Further, the passage width adjusting means is attached to a relatively lower part of the outer peripheral member so that the lower inner peripheral part of the outer peripheral member can be pushed. Therefore, the external cooling device can be attached in close contact with the upper end surface of the outer peripheral member without the passage width adjusting means interfering. Therefore, the external cooling device can be easily attached to the die. Moreover, since such an attachment method prevents outside air from entering the inside of the external cooling device from between the external cooling device and the die, the resin by the external cooling device is coupled with the uniformity of the discharge flow rate / flow velocity. It is possible to reliably perform uniform cooling of each portion of the bubble in the circumferential direction, and it is possible to suppress the occurrence of uneven thickness of the film.

[Brief description of drawings]

FIG. 1 is a front sectional view of an inflation film molding die according to the present invention.

FIG. 2 is a plan view and a bottom view of the die.

FIG. 3 is a partially enlarged view of the die.

FIG. 4 is a partial plan view of a die body that constitutes the die.

FIG. 5 is a configuration diagram of an inflation molding device using the die.

FIG. 6 is a modified example of the uneven thickness adjusting ring forming the die.

7A to 7C are various examples of a contact seal portion between a die body and an uneven thickness adjusting ring that form the die.
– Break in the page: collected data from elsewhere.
(* Let $v=(v_j)_{j\in\mathbb{N}}\in\mathbb{R}^{\mathbb{N}}$, $\omega_0\in\mathbb{R}^n$ and $m\in\mathbb{N}$. If there exists an integer $i\ge1$ such that $CB^{m+1}P_{i-1}(v)\omega_0\neq0$, then there exists $k_0\in\mathbb{N}$ such that for every integer $N\ge1$, the map $\phi:\mathbb{R}^{k_0+N}\to\mathbb{R}^N$, \[ \phi(w)=\big(CB^mP_{k_0}(w)\omega_0,\dots,CB^mP_{k_0+N-1}(w)\omega_0\big), \] has a differential of rank $N$ at $(v_0,\dots,v_{k_0+N-1})$.
   Context: Let $n\ge1$, $A,B\in\mathrm{End}(\mathbb{R}^n)$, $C\in\mathcal{L}(\mathbb{R}^n,\mathbb{R})$. Polynomials have commuting scalar indeterminates $X_0,X_1,\dots$ and coefficients in $\mathrm{End}(\mathbb{R}^n)$. Define the linear map $\Psi$ by $\Psi(P)(X_0,\dots,X_k)=P(X_0,\dots,X_{k-1})(A+X_0B)+\sum_{i=0}^{k-1}\frac{\partial P}{\partial X_i}(X_0,\dots,X_{k-1})X_{i+1}$, where $k$ is the least $\ell$ such that $P$ involves only $X_0,\dots,X_{\ell-1}$. Let $P_0=I$ and $P_{k+1}=\Psi(P_k)$, so $P_k$ is a polynomial in $X_0,\dots,X_{k-1}$. For a polynomial $P$ in $X_0,\dots,X_{k-1}$ and a sequence (or vector with at least $k$ entries) $v$, $P(v)=P(v_0,\dots,v_{k-1})$. *)

From HB Require Import structures.
From mathcomp Require Import all_boot all_order all_algebra.
From mathcomp Require Import all_classical all_reals all_analysis.
Set Implicit Arguments. Unset Strict Implicit. Unset Printing Implicit Defensive.
Import Order.TTheory GRing.Theory Num.Theory.
Local Open Scope ring_scope.

(* A polynomial in commuting scalar indeterminates X_0, X_1, ... with
   coefficients in End(R^n) = 'M[R]_n is represented as a finite formal sum
   of terms (c, e), meaning c * X_0^(e_0) * X_1^(e_1) * ...
   (e is a seq nat of exponents, missing exponents are 0). *)
Section Polys.
Variables (R : comRingType) (n : nat).

Definition term := ('M[R]_n * seq nat)%type.
Definition mpolyM := seq term.

Definition peval (P : mpolyM) (x : nat -> R) : 'M[R]_n :=
  \sum_(t <- P) ((\prod_(i < size t.2) x i ^+ nth 0%N t.2 i) *: t.1).

Definition pderiv (i : nat) (P : mpolyM) : mpolyM :=
  [seq ((nth 0%N t.2 i)%:R *: t.1, set_nth 0%N t.2 i (nth 0%N t.2 i).-1) | t <- P].

Definition pmulX (j : nat) (P : mpolyM) : mpolyM :=
  [seq (t.1, incr_nth t.2 j) | t <- P].

Definition pmulAXB (A B : 'M[R]_n) (P : mpolyM) : mpolyM :=
  [seq (t.1 *m A, t.2) | t <- P] ++ [seq (t.1 *m B, incr_nth t.2 0) | t <- P].

(* Psi, for a polynomial P involving only X_0, ..., X_(k-1) *)
Definition Psi (A B : 'M[R]_n) (k : nat) (P : mpolyM) : mpolyM :=
  pmulAXB A B P ++ flatten [seq pmulX i.+1 (pderiv i P) | i <- iota 0 k].

Fixpoint Pk (A B : 'M[R]_n) (k : nat) : mpolyM :=
  match k with
  | 0 => [:: (1%:M, [::])]
  | k'.+1 => Psi A B k' (Pk A B k')
  end.

Definition mxpow (B : 'M[R]_n) (m : nat) : 'M[R]_n := iter m (mulmx B) 1%:M.

Definition CBPw (C : 'M[R]_(1, n)) (B : 'M[R]_n) (m : nat) (P : mpolyM)
  (x : nat -> R) (w0 : 'cV[R]_n) : R :=
  (C *m mxpow B m *m peval P x *m w0) 0 0.

End Polys.

Definition seq_of_row (R : ringType) (K : nat) (w : 'rV[R]_K) : nat -> R :=
  fun j => match insub j with Some i => w 0 i | None => 0 end.

(* For l >= 1 let a_l(k) = C B^m (dP_k/dX_(k-l))(v) w0, the derivative of the
   output indexed by k in the variable k - l. Differentiating the recursion
   P_(k+1) = Psi(P_k) shows that the (l-1)-th finite difference of a_l is
   eventually C B^(m+1) P_(l-1)(v) w0, so each a_l is eventually polynomial in k,
   hence eventually zero or eventually nonzero. The hypothesis forces a_i not to
   be eventually zero; let l be the least such index. For k0 large, the minor on
   the variables k0 + j - l (j < N) is then triangular with nonzero diagonal: the
   entries off the diagonal on one side are a_l'(k) with 0 < l' < l, or
   derivatives dP_k/dX_c with c >= k, which vanish since P_k only involves
   X_0, ..., X_(k-1). *)

From HB Require Import structures.
From mathcomp Require Import all_boot all_order all_algebra.
From mathcomp Require Import all_classical all_reals all_analysis.
From mathcomp Require Import lra zify.
Import Order.TTheory GRing.Theory Num.Theory.
Import numFieldNormedType.Exports.
Set Implicit Arguments. Unset Strict Implicit. Unset Printing Implicit Defensive.
Local Open Scope ring_scope.
Local Open Scope classical_set_scope.

Section Monomials.
Variable R : comNzRingType.
Implicit Types (s : seq nat) (x y : nat -> R).

Definition monomial s x : R := \prod_(i < size s) x i ^+ nth 0%N s i.

Lemma monomial_widen K s x : (size s <= K)%N ->
  monomial s x = \prod_(i < K) x i ^+ nth 0%N s i.
Proof.
move=> sK; rewrite /monomial (big_ord_widen K (fun i => x i ^+ nth 0%N s i) sK).
rewrite big_mkcond; apply: eq_bigr => i _; case: ltnP => // si.
by rewrite nth_default ?expr0.
Qed.

Lemma eq_monomial s s' x : (forall i, nth 0%N s i = nth 0%N s' i) ->
  monomial s x = monomial s' x.
Proof.
move=> ss'; rewrite (@monomial_widen (maxn (size s) (size s'))) ?leq_maxl //.
rewrite (@monomial_widen (maxn (size s) (size s')) s') ?leq_maxr //.
by apply: eq_bigr => i _; rewrite ss'.
Qed.

Lemma eq_monomial_lt s x y : (forall i, (i < size s)%N -> x i = y i) ->
  monomial s x = monomial s y.
Proof. by move=> xy; apply: eq_bigr => i _; rewrite xy. Qed.

Lemma monomial_set_nth s c e x :
  monomial (set_nth 0%N s c e) x = x c ^+ e * monomial (set_nth 0%N s c 0%N) x.
Proof.
have [K sK cK] : exists2 K, forall e', (size (set_nth 0%N s c e') <= K)%N & (c < K)%N.
  by exists (maxn (size s) c.+1) => [e'|]; rewrite ?size_set_nth maxnC ?leq_maxl.
rewrite (monomial_widen _ (sK e)) (monomial_widen _ (sK 0%N)).
rewrite (bigD1 (Ordinal cK)) // [in RHS](bigD1 (Ordinal cK)) //=.
rewrite !nth_set_nth /= eqxx expr0 mul1r; congr (_ * _); apply: eq_bigr => i ic.
have /negbTE ic' : (i : nat) != c by apply: contraNneq ic => ic; apply/eqP/val_inj.
by rewrite !nth_set_nth /= ic'.
Qed.

Lemma monomial_split s c x :
  monomial s x = x c ^+ nth 0%N s c * monomial (set_nth 0%N s c 0%N) x.
Proof.
rewrite -monomial_set_nth; apply: eq_monomial => i.
by rewrite nth_set_nth /=; case: eqVneq => [->|].
Qed.

Lemma monomial_incr_nth s j x :
  monomial (incr_nth s j) x = x j * monomial s x.
Proof.
rewrite (monomial_split _ j) [in RHS](monomial_split _ j) nth_incr_nth eqxx.
rewrite add1n exprS -mulrA; congr (_ * (_ * _)); apply: eq_monomial => i.
rewrite !nth_set_nth /= nth_incr_nth.
by case: ifP => // /negbT ij; rewrite eq_sym (negbTE ij).
Qed.

(* The factor [nth 0 s c] keeps this true when that exponent is 0 (.-1 truncates). *)
Lemma monomial_lower_nth s c x :
  (nth 0%N s c)%:R * (x c * monomial (set_nth 0%N s c (nth 0%N s c).-1) x)
  = (nth 0%N s c)%:R * monomial s x.
Proof.
rewrite monomial_set_nth [in RHS](monomial_split _ c).
by case: (nth 0%N s c) => [|e]; rewrite ?mul0r // exprS !mulrA.
Qed.

End Monomials.

Section Evaluation.
Variables (R : comNzRingType) (n : nat).
Local Notation poly := (mpolyM R n).
Implicit Types (P Q : poly) (M : 'M[R]_n) (x : nat -> R).

Lemma pevalE P x : peval P x = \sum_(t <- P) monomial t.2 x *: t.1.
Proof. by []. Qed.

Lemma peval_nil x : peval ([::] : poly) x = 0.
Proof. by rewrite pevalE big_nil. Qed.

Lemma peval_cat P Q x : peval (P ++ Q) x = peval P x + peval Q x.
Proof. by rewrite !pevalE big_cat. Qed.

Lemma peval_flatten (F : nat -> poly) r x :
  peval (flatten [seq F i | i <- r]) x = \sum_(i <- r) peval (F i) x.
Proof.
elim: r => [|i r IHr]; first by rewrite big_nil peval_nil.
by rewrite /= peval_cat IHr big_cons.
Qed.

Definition pconst M : poly := [:: (M, [::])].

Lemma peval_pconst M x : peval (pconst M) x = M.
Proof. by rewrite pevalE big_seq1 /monomial big_ord0 scale1r. Qed.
FIG. 8 is a partial cross-sectional view of a second embodiment of a blown film molding die according to the present invention.

[Explanation of symbols]

3,70 Spiral die 31,71 Spiral nozzle 32,72 Die body 33 Adjustment base member 34,74 Upper nozzle (inner peripheral member) 35,75 Uneven thickness adjusting ring (outer peripheral member) 35c, 75c Groove 35d, 75d Inlet gap adjustment Part (lower inner peripheral portion of outer peripheral member) 36,76 Ring position adjusting bolt 37,77 Heat bolt 39,79 Extrusion passage

Claims (3)

[Claims] 1. A ring-shaped outer peripheral member disposed on an upper portion of a die, and an inner peripheral member disposed inside the outer peripheral member, wherein an inner peripheral surface of the outer peripheral member and an inner peripheral member of the outer peripheral member. An inflation film molding die for forming a cylindrical extrusion passage extending vertically with an outer peripheral surface, and extruding a tubular film through a resin from a lower portion to an upper portion of the extrusion passage, the lower portion of the outer peripheral member. The inner peripheral portion is formed so as to be elastically deformable radially inward, and the lower inner peripheral portion is pressed radially inward to elastically deform,
An inflation film forming die, characterized in that it is provided with a passage width adjusting means for adjusting a radial width in a lower portion of the extrusion passage. 2. A groove is formed in the outer peripheral member, the groove being open at the lower end surface of the outer peripheral member and extending in the circumferential direction to allow elastic deformation of the lower inner peripheral portion inward in the radial direction. The inflation film molding die according to claim 1, wherein 3. The inflation film molding die according to claim 1, wherein the passage width adjusting means is attached at a plurality of circumferential positions along the outer periphery of the extrusion passage.